Last September, at the ASIS International 59th Annual Seminar and Exhibits in Chicago, the PSIA announced that it had begun crafting a specification that incorporates Lightweight Directory Access Protocol (LDAP), a published and widely-adopted directory standard, to help map out and unify logical and physical identities via role-based access control (RBAC). A final specification was submitted in May 2014 by a working group of PSIA members and other interested parties.

The conceptual model that the working group pondered is one in which the organizational hierarchy defines roles and policies; job responsibilities and policies determine a role’s access privileges; real-time policies impact privilege sets that are sent and revoked from the logical security domain to the physical security domain; and the logical and physical security domains provide each other with status information for enhanced overall security. 

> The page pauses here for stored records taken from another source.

(* As formal power series in $z$, $$\sum_{n\ge0}\frac{r_n(s,q^2)}{(q;q)_n}z^n=\frac{e_q(sz)\,e_q(z)}{e_{q^2}(qsz^2)}.$$ Equivalently, for every integer $n\ge0$: (i) $r_n(s,q^2)=\sum_{j=0}^{\lfloor n/2\rfloor}(-1)^jq^{j^2}(q;q^2)_j\begin{bmatrix} n\\ 2j\end{bmatrix}_q s^j\,r_{n-2j}(s,q)$; (ii) $r_n(s,q^2)=\sum_{j=0}^{\lfloor n/2\rfloor}\begin{bmatrix} n\\ 2j\end{bmatrix}_q(q;q^2)_j(qs;q^2)_j\,s^{n-2j}\Big(-\frac1s;q\Big)_{n-2j}$; (iii) $\sum_{k=0}^{2n}(-1)^k(-s;q)_k\begin{bmatrix} 2n\\ k\end{bmatrix}_q r_{2n-k}(s,q^2)=(q;q^2)_n(qs;q^2)_n$ and $\sum_{k=0}^{2n+1}(-1)^k(-s;q)_k\begin{bmatrix} 2n+1\\ k\end{bmatrix}_q r_{2n+1-k}(s,q^2)=0$.
   Context: $q$ is an indeterminate. $(x;q)_n=\prod_{j=0}^{n-1}(1-q^jx)$. The Gaussian binomial coefficient is $\begin{bmatrix} n\\ j\end{bmatrix}_q=\frac{(q;q)_n}{(q;q)_j(q;q)_{n-j}}$ for $0\le j\le n$ and $0$ otherwise. The Rogers–Szegö polynomials are $r_n(s,q)=\sum_{j=0}^n\begin{bmatrix} n\\ j\end{bmatrix}_q s^j$. $e_q(w)=\sum_{n\ge0}\frac{w^n}{(q;q)_n}$ as a formal power series, and $1/e_q(w)$ denotes its formal reciprocal. *)

From HB Require Import structures.
From mathcomp Require Import all_boot all_order all_algebra.
Set Implicit Arguments. Unset Strict Implicit. Unset Printing Implicit Defensive.
Import Order.TTheory GRing.Theory Num.Theory.
Local Open Scope ring_scope.

Section Defs.
Variable R : fieldType.

Definition qpoch (x q : R) (n : nat) : R := \prod_(j < n) (1 - q ^+ j * x).

Definition qbinom (q : R) (n j : nat) : R :=
  if (j <= n)%N then qpoch q q n / (qpoch q q j * qpoch q q (n - j)) else 0.

Definition rs (n : nat) (s q : R) : R := \sum_(j < n.+1) qbinom q n j * s ^+ j.

(* formal power series in z, as coefficient sequences *)
Definition series := nat -> R.

Definition smul (a b : series) : series :=
  fun n => \sum_(k < n.+1) a k * b (n - k)%N.

(* e_q(w) = sum_n w^n/(q;q)_n, as a series in w *)
Definition eq_series (q : R) : series := fun n => (qpoch q q n)^-1.

(* substitution w := c z^d (d > 0) into a series f in w *)
Definition subst_mono (c : R) (d : nat) (f : series) : series :=
  fun n => if (d %| n)%N then c ^+ (n %/ d) * f (n %/ d)%N else 0.

(* formal reciprocal (for a series with invertible constant term) *)
Fixpoint recip_seq (a : series) (n : nat) : seq R :=
  match n with
  | 0 => [:: (a 0%N)^-1]
  | n'.+1 => let s := recip_seq a n' in
      rcons s (- (a 0%N)^-1 * \sum_(k < n'.+1) a k.+1 * nth 0 s (n' - k)%N)
  end.
Definition recip (a : series) : series := fun n => nth 0 (recip_seq a n) n.

End Defs.

(* The indeterminates: K = Q(q, s) as the fraction field of Q[q][s] *)
Definition K : fieldType := {fraction {poly {poly rat}}}.
Definition qI : K := tofrac (('X : {poly rat})%:P).
Definition sI : K := tofrac ('X : {poly {poly rat}}).

From mathcomp Require Import all_boot all_algebra.
From mathcomp Require Import ring zify.
From Stdlib Require Import FunctionalExtensionality.
Import GRing.Theory.
Local Open Scope ring_scope.
Set Implicit Arguments. Unset Strict Implicit.

(* Every series involved satisfies a first-order q-difference equation
   P(z) f(qz) = Q(z) f(z) with polynomials P, Q of constant term 1, and as q is not a
   root of unity such an equation determines f from f(0). The generating function
   F(z) = sum_n r_n(s,q^2) z^n / (q;q)_n satisfies
   (1 - q s z^2) F(qz) = (1 - z)(1 - s z) F(z), and multiplying the equations of
   e_q(sz), e_q(z), e_{q^2}(q s z^2)^{+-1} and of the q-binomial series
   U(z) = sum_j (qs;q^2)_j z^(2j) / (q^2;q^2)_j, T(z) = sum_n (-1/s;q)_n (sz)^n / (q;q)_n,
   A(z) = sum_n (-s;q)_n (-z)^n / (q;q)_n shows F e_{q^2}(q s z^2) = e_q(sz) e_q(z),
   F = U T and A F = U. *)

Lemma leq_double_ord_half n (j : 'I_n./2.+1) : (2 * j <= n)%N.
Proof. by rewrite mul2n -geq_half_double -ltnS. Qed.

Section FormalSeries.
Variable R : fieldType.
Implicit Types (f g h P Q : series R) (x a c : R).

Definition series1 : series R := fun n => if n == 0%N then 1 else 0.
Definition dilate x f : series R := fun n => x ^+ n * f n.
Definition pseries (l : seq R) : series R := fun n => nth 0 l n.
Definition series_poly f (N : nat) : {poly R} := \poly_(i < N.+1) f i.

(* [lin c] is 1 - c z and [quad c] is 1 - c z^2. *)
Definition lin c : series R := pseries [:: 1; - c].
Definition quad c : series R := pseries [:: 1; 0; - c].

Lemma smul_series_poly f g N n :
  (n <= N)%N -> smul f g n = (series_poly f N * series_poly g N)`_n.
Proof.
move=> le_nN; rewrite coefM /smul; apply: eq_bigr => i _.
by rewrite !coef_poly ltnS (leq_trans (leq_ord i)) // ltnS (leq_trans (leq_subr _ _)).
Qed.

Lemma coefMl_eq (A A' B : {poly R}) n :
  (forall i, (i <= n)%N -> A`_i = A'`_i) -> (A * B)`_n = (A' * B)`_n.
Proof. by move=> eqAA'; rewrite !coefM; apply: eq_bigr => i _; rewrite eqAA' // -ltnS. Qed.

Lemma smulC f g : smul f g = smul g f.
Proof.
apply: functional_extensionality => n.
by rewrite (smul_series_poly f g (leqnn n)) (smul_series_poly g f (leqnn n)) mulrC.
Qed.

Lemma smulA f g h : smul (smul f g) h = smul f (smul g h).
Proof.
apply: functional_extensionality => n.
have series_polyM f1 f2 i : (i <= n)%N ->
    (series_poly (smul f1 f2) n)`_i = (series_poly f1 n * series_poly f2 n)`_i.
  by move=> le_in; rewrite coef_poly ltnS le_in; apply: smul_series_poly.
rewrite (smul_series_poly _ _ (leqnn n)) (coefMl_eq _ (series_polyM f g)).
rewrite (smul_series_poly f _ (leqnn n)) [in RHS]mulrC.
rewrite (coefMl_eq _ (series_polyM g h)).
by rewrite [in RHS]mulrC mulrA.
Qed.

Lemma smulACA f g h P : smul (smul f g) (smul h P) = smul (smul f h) (smul g P).
Proof. by rewrite !smulA; congr smul; rewrite -!smulA (smulC g h). Qed.

Lemma smul_coef0 f g : smul f g 0%N = f 0%N * g 0%N.
Proof. by rewrite /smul big_ord_recl big_ord0 addr0 subn0. Qed.

Lemma smul_coefS f g n :
  smul f g n.+1 = f 0%N * g n.+1 + \sum_(i < n.+1) f i.+1 * g (n - i)%N.
Proof. by rewrite /smul big_ord_recl subn0. Qed.

Lemma smul_pseries_nil f n : smul (pseries [::]) f n = 0.
Proof. by rewrite /smul big1 // => i _; rewrite /pseries nth_nil mul0r. Qed.

Lemma smul_pseries_cons a l f n :
  smul (pseries (a :: l)) f n =
  a * f n + (if n is n'.+1 then smul (pseries l) f n' else 0).
Proof.
case: n => [|n]; first by rewrite smul_coef0 addr0.
by rewrite smul_coefS.
Qed.

Lemma smul1s f : smul series1 f = f.
Proof.
apply: functional_extensionality => n.
have -> : series1 = pseries [:: 1] by apply: functional_extensionality => -[|[|k]].
by rewrite smul_pseries_cons mul1r; case: n => [|n]; rewrite ?smul_pseries_nil addr0.
Qed.

Lemma smuls1 f : smul f series1 = f.
Proof. by rewrite smulC smul1s. Qed.

Lemma lin_coef0 c : lin c 0%N = 1.
Proof. by []. Qed.

Lemma quad_coef0 c : quad c 0%N = 1.
Proof. by []. Qed.

Lemma smul_lin0 c f : smul (lin c) f 0%N = f 0%N.
Proof. by rewrite smul_pseries_cons mul1r addr0. Qed.

Lemma smul_linS c f n : smul (lin c) f n.+1 = f n.+1 - c * f n.
Proof.
by rewrite !smul_pseries_cons; case: n => [|n]; rewrite ?smul_pseries_nil mul1r mulNr addr0.
Qed.

Lemma smul_quad0 c f : smul (quad c) f 0%N = f 0%N.
Proof. by rewrite smul_pseries_cons mul1r addr0. Qed.

Lemma smul_quad1 c f : smul (quad c) f 1%N = f 1%N.
Proof. by rewrite !smul_pseries_cons mul1r mul0r !addr0. Qed.

Lemma smul_quadSS c f n : smul (quad c) f n.+2 = f n.+2 - c * f n.
Proof.
rewrite !smul_pseries_cons mul1r mul0r add0r.
by case: n => [|n]; rewrite ?smul_pseries_nil mulNr addr0.
Qed.

Lemma smul_lin_opp c : smul (lin (- c)) (lin c) = quad (c ^+ 2).
Proof.
apply: functional_extensionality => -[|[|[|n]]];
  rewrite ?smul_lin0 ?smul_linS /lin /quad /pseries //= ?nth_nil; ring.
Qed.

Lemma smul_linN1 c : smul (lin (-1)) (smul (lin c) (lin 1)) = smul (quad 1) (lin c).
Proof.
by rewrite -smulA (smulC (lin (-1))) smulA smul_lin_opp expr1n smulC.
Qed.

Lemma dilate_smul x f g : dilate x (smul f g) = smul (dilate x f) (dilate x g).
Proof.
apply: functional_extensionality => n; rewrite /dilate /smul mulr_sumr.
by apply: eq_bigr => i _; rewrite mulrACA -exprD subnKC // -ltnS.
Qed.

Lemma dilate_series1 x : dilate x series1 = series1.
Proof. by apply: functional_extensionality => -[|n]; rewrite /dilate /series1 ?mul1r ?mulr0. Qed.

(* [qdiff_eq x P Q f] is the functional equation P(z) f(x z) = Q(z) f(z). *)
Definition qdiff_eq x P Q f := smul P (dilate x f) = smul Q f.

Lemma qdiff_eq_series1 x P : qdiff_eq x P P series1.
Proof. by rewrite /qdiff_eq dilate_series1. Qed.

PSIA’s approach has already succeeded in the case of an area control specification for physical security that allows a variety of physical security technologies to interoperate. The specification has been adopted by several of the major access control manufacturers. For example, Kastle Systems recently displayed a Mercury Security access panel—common to access control systems—that had been built to the PSIA’s area control specification and that was controlled and configured by cloud software Kastle had developed. Manufacturers like Kastle already see the customer need for specification-based access control products and are expected to continue development of them once the final specification is widely adopted.

Big Data

The amount of information that business systems now capture is perhaps inadequately described by the current term “big data.” Access control logs, as voluminous as they are, are an infinitesimal sliver of big data. At an organization such as Microsoft, for example, the security and access control systems log about 350 million transactions per year, generated across approximately 700 sites in more than 100 countries for about 20,000 connected doors and a total of 50,000 security devices. These numbers will grow significantly as Microsoft integrates its newly acquired business, Nokia’s Devices and Services. This enterprisewide collection of data can be used to gain greater business value. One example of this is using travel records to streamline the process of temporary access for employees at other company facilities.

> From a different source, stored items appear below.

(* Assume the subexponential regime $a_T/T\to0$. Then the SVP predictor $\hat c_{\mathrm V}(x,\mathbb P,T)=c(x,\mathbb P)+\sqrt{\frac{2a_T}{T}\mathrm{Var}_{\mathbb P}(\ell(x,\xi))}$ satisfies the out-of-sample guarantee with speed $(a_T)$.
   Context: Setting: $\Sigma=\{1,\dots,d\}$ ($d\ge2$) is finite; $\mathcal P\subset\mathbb R^d$ is the probability simplex over $\Sigma$ and $\mathcal P^o$ its relative interior (all entries positive). $\mathcal X\subset\mathbb R^n$ is compact and $\ell:\mathcal X\times\Sigma\to\mathbb R$ is continuous in $x$ for each $i$. For $x\in\mathcal X$, $\mu\in\mathbb R^d$ let $c(x,\mu)=\sum_{i\in\Sigma}\ell(x,i)\mu(i)$, and $\mathrm{Var}_{\mathbb P}(\ell(x,\xi))=\sum_i\mathbb P(i)(\ell(x,i)-c(x,\mathbb P))^2$. Data $\xi_1,\xi_2,\dots$ are i.i.d. with law $\mathbb P\in\mathcal P$, $\mathbb P^\infty$ denotes their joint law, and $\hat{\mathbb P}_T(i)=\frac1T\sum_{t=1}^T\mathbf 1\{\xi_t=i\}$. $(a_T)_{T\ge1}$ is a sequence of positive reals with $a_T\to\infty$. Out-of-sample guarantee with speed $(a_T)$ for a predictor $\hat c$ (a sequence of functions $\hat c(\cdot,\cdot,T):\mathcal X\times\mathcal P\to\mathbb R$): for all $x\in\mathcal X$ and $\mathbb P\in\mathcal P^o$, $\limsup_{T\to\infty}\frac1{a_T}\log\mathbb P^\infty\big(c(x,\mathbb P)>\hat c(x,\hat{\mathbb P}_T,T)\big)\le-1$. *)

From HB Require Import structures.
From mathcomp Require Import all_boot all_order all_algebra.
From mathcomp Require Import all_classical all_reals all_analysis.
Set Implicit Arguments. Unset Strict Implicit. Unset Printing Implicit Defensive.
Import Order.TTheory GRing.Theory Num.Theory.
Import numFieldNormedType.Exports.
Local Open Scope ring_scope.

Section Defs.
Variables (R : realType) (d n : nat).
Implicit Types (x : 'rV[R]_n) (ell : 'rV[R]_n -> 'I_d -> R) (mu : 'I_d -> R).

Definition simplex (mu : 'I_d -> R) : Prop :=
  (forall i, 0 <= mu i) /\ \sum_i mu i = 1.
Definition simplex_int (mu : 'I_d -> R) : Prop :=
  (forall i, 0 < mu i) /\ \sum_i mu i = 1.

Definition cost ell x mu : R := \sum_i ell x i * mu i.

Definition variance ell x mu : R :=
  \sum_i mu i * (ell x i - cost ell x mu) ^+ 2.

Definition svp (a : nat -> R) ell x mu (T : nat) : R :=
  cost ell x mu + Num.sqrt (2 * a T / T%:R * variance ell x mu).

Definition empirical (T : nat) (xi : {ffun 'I_T -> 'I_d}) : 'I_d -> R :=
  fun i => (#|[set t | xi t == i]|)%:R / T%:R.

(* P^infty(E) for an event E depending only on (xi_1,...,xi_T):
   the i.i.d. product law of the first T coordinates. *)
Definition iid_prob (P : 'I_d -> R) (T : nat) (E : {ffun 'I_T -> 'I_d} -> bool) : R :=
  \sum_(xi : {ffun 'I_T -> 'I_d} | E xi) \prod_(t < T) P (xi t).

End Defs.

Definition elog (R : realType) (p : R) : \bar R :=
  if p <= 0 then -oo%E else (ln p)%:E.

(* Write g := c(x, P) - ell(x, .), centred with variance v under P.  The SVP
   bound fails iff the empirical mean D of g exceeds sqrt (2 a_T / T * Var_emp),
   and Var_emp = W - D^2 with W the empirical second moment of g.  Either W and
   D are within a fixed distance of v and 0, and then D exceeds
   sqrt (2 a_T / T * (1 - δ) v): by Chernoff's bound at the Gaussian scale,
   which is legitimate because a_T / T -> 0, this has probability at most
   exp (- a_T (1 - δ)^2).  Or one of W, D, -D deviates by a fixed amount, which
   has probability exp (- c T) <= exp (- a_T).  Hence the violation probability
   is at most 4 exp (- (1 - ε) a_T) eventually, for every ε > 0. *)

From Pilot Require Import Defs.
From HB Require Import structures.
From mathcomp Require Import all_boot all_order all_algebra.
From mathcomp Require Import all_classical all_reals all_analysis.
From mathcomp Require Import ring lra.
Set Implicit Arguments. Unset Strict Implicit. Unset Printing Implicit Defensive.
Import Order.TTheory GRing.Theory Num.Theory.
Import numFieldNormedType.Exports.
Local Open Scope ring_scope.

Section exp_bounds.
Variable R : realType.
Implicit Types u B : R.

Lemma expR_le_1Dx_sqr_npos u : u <= 0 -> expR u <= 1 + u + u ^+ 2 / 2.
Proof.
move=> u_le0.
pose f : R -> R := cst 1 + id + 2^-1 \*: (id * id) - expR.
have f_derive (y : R) : is_derive y 1 f (1 + y - expR y).
  have f' := is_deriveB (is_deriveD (is_deriveD (is_derive_cst (1 : R) y 1)
    (is_derive_id y 1)) (is_deriveZ 2^-1 (is_deriveM (is_derive_id y 1)
    (is_derive_id y 1)))) (is_derive_expR y).
  apply: (is_derive_eq f').
  by rewrite /GRing.scale /=; field.
have fE (y : R) : f y = 1 + y + 2^-1 * y ^+ 2 - expR y by rewrite expr2.
have [|c _ fD] := @MVT_segment R f _ u 0 u_le0 (fun y _ => f_derive y).
  apply: continuous_subspaceT => y.
  by apply/differentiable_continuous/derivable1_diffP; case: (f_derive y).
have : (1 + c - expR c) * (0 - u) <= 0.
  by rewrite mulr_le0_ge0 ?subr_le0 ?expR_ge1Dx // sub0r oppr_ge0.
rewrite -fD !fE expR0 expr0n /=; lra.
Qed.

Lemma expR_le_1Dx_sqr_nneg u : 0 <= u -> expR u <= 1 + u + u ^+ 2 / 2 * expR u.
Proof.
move=> u_ge0.
pose f : R -> R := cst 1 + id + (2^-1 \*: (id * id)) * expR - expR.
have f_derive (y : R) : is_derive y 1 f (1 - expR y * (1 - y - y ^+ 2 / 2)).
  have f' := is_deriveB (is_deriveD (is_deriveD (is_derive_cst (1 : R) y 1)
    (is_derive_id y 1)) (is_deriveM (is_deriveZ 2^-1 (is_deriveM (is_derive_id y 1)
    (is_derive_id y 1))) (is_derive_expR y))) (is_derive_expR y).
  apply: (is_derive_eq f').
  by rewrite !fctE /GRing.scale /= /GRing.scale /= expr2; field.
have fE (y : R) : f y = 1 + y + 2^-1 * y ^+ 2 * expR y - expR y by rewrite expr2.
have [|c _ fD] := @MVT_segment R f _ 0 u u_ge0 (fun y _ => f_derive y).
  apply: continuous_subspaceT => y.
  by apply/differentiable_continuous/derivable1_diffP; case: (f_derive y).
have f'_ge0 : 0 <= 1 - expR c * (1 - c - c ^+ 2 / 2).
  rewrite subr_ge0 -[leRHS](expRxMexpNx_1 c) ler_wpM2l ?expR_ge0 //.
  by apply: le_trans (expR_ge1Dx _); have := sqr_ge0 c; lra.
have : 0 <= (1 - expR c * (1 - c - c ^+ 2 / 2)) * (u - 0) by rewrite mulr_ge0 ?subr0.
rewrite -fD !fE expR0 expr0n /=; lra.
Qed.

Lemma expR_le_1Dx_sqr u B : `|u| <= B -> expR u <= 1 + u + u ^+ 2 / 2 * expR B.
Proof.
move=> uB; have B_ge0 : 0 <= B := le_trans (normr_ge0 u) uB.
have u2_ge0 : 0 <= u ^+ 2 / 2 by rewrite divr_ge0 ?sqr_ge0.
have [u_le0|u_gt0] := lerP u 0.
  apply: le_trans (expR_le_1Dx_sqr_npos u_le0) _.
  by rewrite lerD2l ler_peMr // -expR0 ler_expR.
apply: le_trans (expR_le_1Dx_sqr_nneg (ltW u_gt0)) _.
by rewrite lerD2l ler_wpM2l // ler_expR (le_trans (ler_norm u)).
Qed.

Lemma expR_le_1D2x u : 0 <= u <= 2^-1 -> expR u <= 1 + 2 * u.
Proof.
case/andP=> u_ge0 u_le; have := expR_le_1Dx_sqr_nneg u_ge0.
have : expR u * (1 - u) <= 1.
  by rewrite -[leRHS](expRxMexpNx_1 u) ler_wpM2l ?expR_ge0 // expR_ge1Dx.
have := expR_gt0 u; nra.
Qed.

End exp_bounds.

Lemma sum_ffun_prod (R : comPzSemiRingType) (I J : finType) (F : J -> R) :
  \sum_(f : {ffun I -> J}) \prod_(i : I) F (f i) = (\sum_j F j) ^+ #|I|.
Proof.
by rewrite -(bigA_distr_bigA (fun (i : I) (j : J) => F j)) prodr_const.
Qed.

Definition sample_mean_ge (R : numDomainType) (d T : nat) (f : 'I_d -> R) (t : R) :
  pred {ffun 'I_T -> 'I_d} := fun xi => T%:R * t <= \sum_(s < T) f (xi s).
Arguments sample_mean_ge {R d} T f t.

Section iid_prob.
Variables (R : realType) (d : nat) (P : 'I_d -> R).
Hypothesis P_ge0 : forall i, 0 <= P i.
Implicit Types (T : nat) (g : 'I_d -> R).

Lemma le_iid_probU T (E E1 E2 : {ffun 'I_T -> 'I_d} -> bool) :
  (forall xi, E xi -> E1 xi || E2 xi) ->
  iid_prob P E <= iid_prob P E1 + iid_prob P E2.
Proof.
move=> E_sub; rewrite /iid_prob (big_mkcond E) (big_mkcond E1) (big_mkcond E2).
rewrite -big_split /=.
apply: ler_sum => xi _; have w_ge0 : 0 <= \prod_(t < T) P (xi t) by apply: prodr_ge0.
case: ifP => [/E_sub|_]; last by rewrite addr_ge0 //; case: ifP.
by case/orP => ->; case: ifP; rewrite ?addr0 ?add0r ?lerDl ?lerDr.
Qed.

Lemma le_iid_prob_sum T (E : {ffun 'I_T -> 'I_d} -> bool) Es :
  (forall xi, E xi -> has (fun F => F xi) Es) ->
  iid_prob P E <= \sum_(F <- Es) iid_prob P F.
Proof.
elim: Es E => [|F Es IH] E E_sub.
  by rewrite big_nil /iid_prob big_pred0 // => xi; apply/negP => /E_sub.
rewrite big_cons; apply: le_trans (le_iid_probU (E1 := F) E_sub) _.
by rewrite lerD2l; apply: IH.
Qed.

(* Chernoff's bound: Markov's inequality for [expR (l * sum)], whose
   expectation factorizes over the independent coordinates. *)
Lemma iid_prob_mean_ge_le_mgf T g (t l : R) : 0 <= l ->
  iid_prob P (sample_mean_ge T g t) <=
  expR (- (l * (T%:R * t))) * (\sum_i P i * expR (l * g i)) ^+ T.
Proof.
move=> l_ge0; pose w (xi : {ffun 'I_T -> 'I_d}) := \prod_(s < T) P (xi s).
have w_ge0 xi : 0 <= w xi by apply: prodr_ge0.
have -> : expR (- (l * (T%:R * t))) * (\sum_i P i * expR (l * g i)) ^+ T =
    \sum_xi w xi * expR (l * (\sum_(s < T) g (xi s) - T%:R * t)).
  rewrite -[X in _ ^+ X](card_ord T) -sum_ffun_prod mulr_sumr.
  apply: eq_bigr => xi _; rewrite mulrBr expRD big_split /= -expR_sum mulr_sumr /w; ring.
rewrite /iid_prob [leRHS](bigID (sample_mean_ge T g t)) /= ler_wpDr ?sumr_ge0 //.
  by move=> xi _; rewrite mulr_ge0 ?expR_ge0.
apply: ler_sum => xi tail; rewrite -/(w xi) ler_peMr // -[X in X <= _]expR0 ler_expR.
by rewrite mulr_ge0 // subr_ge0.
Qed.

Hypothesis P_sum1 : \sum_i P i = 1.

Lemma mgf_le g (B l : R) : \sum_i P i * g i = 0 -> (forall i, `|g i| <= B) -> 0 <= l ->
  \sum_i P i * expR (l * g i) <= 1 + l ^+ 2 / 2 * expR (l * B) * \sum_i P i * g i ^+ 2.
Proof.
move=> g_mean0 g_le l_ge0.
have <- : \sum_i P i * (1 + l * g i + (l * g i) ^+ 2 / 2 * expR (l * B)) =
    1 + l ^+ 2 / 2 * expR (l * B) * \sum_i P i * g i ^+ 2.
  have sum_lin : \sum_i P i * (l * g i) = 0.
    by rewrite -[RHS](mulr0 l) -[in RHS]g_mean0 mulr_sumr; apply: eq_bigr => i _; ring.
  have sum_quad : \sum_i P i * ((l * g i) ^+ 2 / 2 * expR (l * B)) =
      l ^+ 2 / 2 * expR (l * B) * \sum_i P i * g i ^+ 2.
    by rewrite mulr_sumr; apply: eq_bigr => i _; ring.
  under eq_bigr do rewrite !mulrDr mulr1.
  by rewrite !big_split /= P_sum1 sum_lin sum_quad addr0.
apply: ler_sum => i _; rewrite ler_wpM2l // expR_le_1Dx_sqr //.
by rewrite normrM ger0_norm // ler_wpM2l.
Qed.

At most organizations today, when a visiting employee arrives at a site, he or she presents credentials at a lobby reception post. The designated security person logs the employee’s arrival and creates a temporary access control card. There are other ways to handle this, of course, but they all involve administrative time and cost, and can inconvenience the out-of-town or out-of-country employees who are, after all, there to work. Microsoft has more than 200,000 employees and contingent staff, of which nearly half are contingent contractors. At any given time, more than 5,000 of these are on travel assignments to one of about 850 locations in more than 100 countries. The temporary access control procedures described above already incur huge expenses for a company of this size.

“At Microsoft, our area access administrators invest 20 percent of their time managing temporary access privileges for the thousands of Microsoft employees and contractors who travel among our facilities on any given day,” says Mike Faddis, director at Microsoft Global Security. “We envision the PSIA specification enabling us to automate privilege management and significantly minimize these administrative costs, which will have a notable impact on the bottom line and allow us to focus our security resources in other areas that assist the business.”

An automated RBAC-based access system populated with employee travel records could determine the appropriate level of access control for any company building that an employee will visit. Because the approval process for travel already in place by the business determines the validity of access, when he or she arrives, there would be no need to create a temporary access control card. The employee could present his or her credential at a reader, and the access control system, which would be populated with updated privileges by the automated system, would already know it is okay to let this employee come into the facility during the trip. The result of this use of big data would be a significant reduction in costs and administrative time, an increase to employee convenience, and better security.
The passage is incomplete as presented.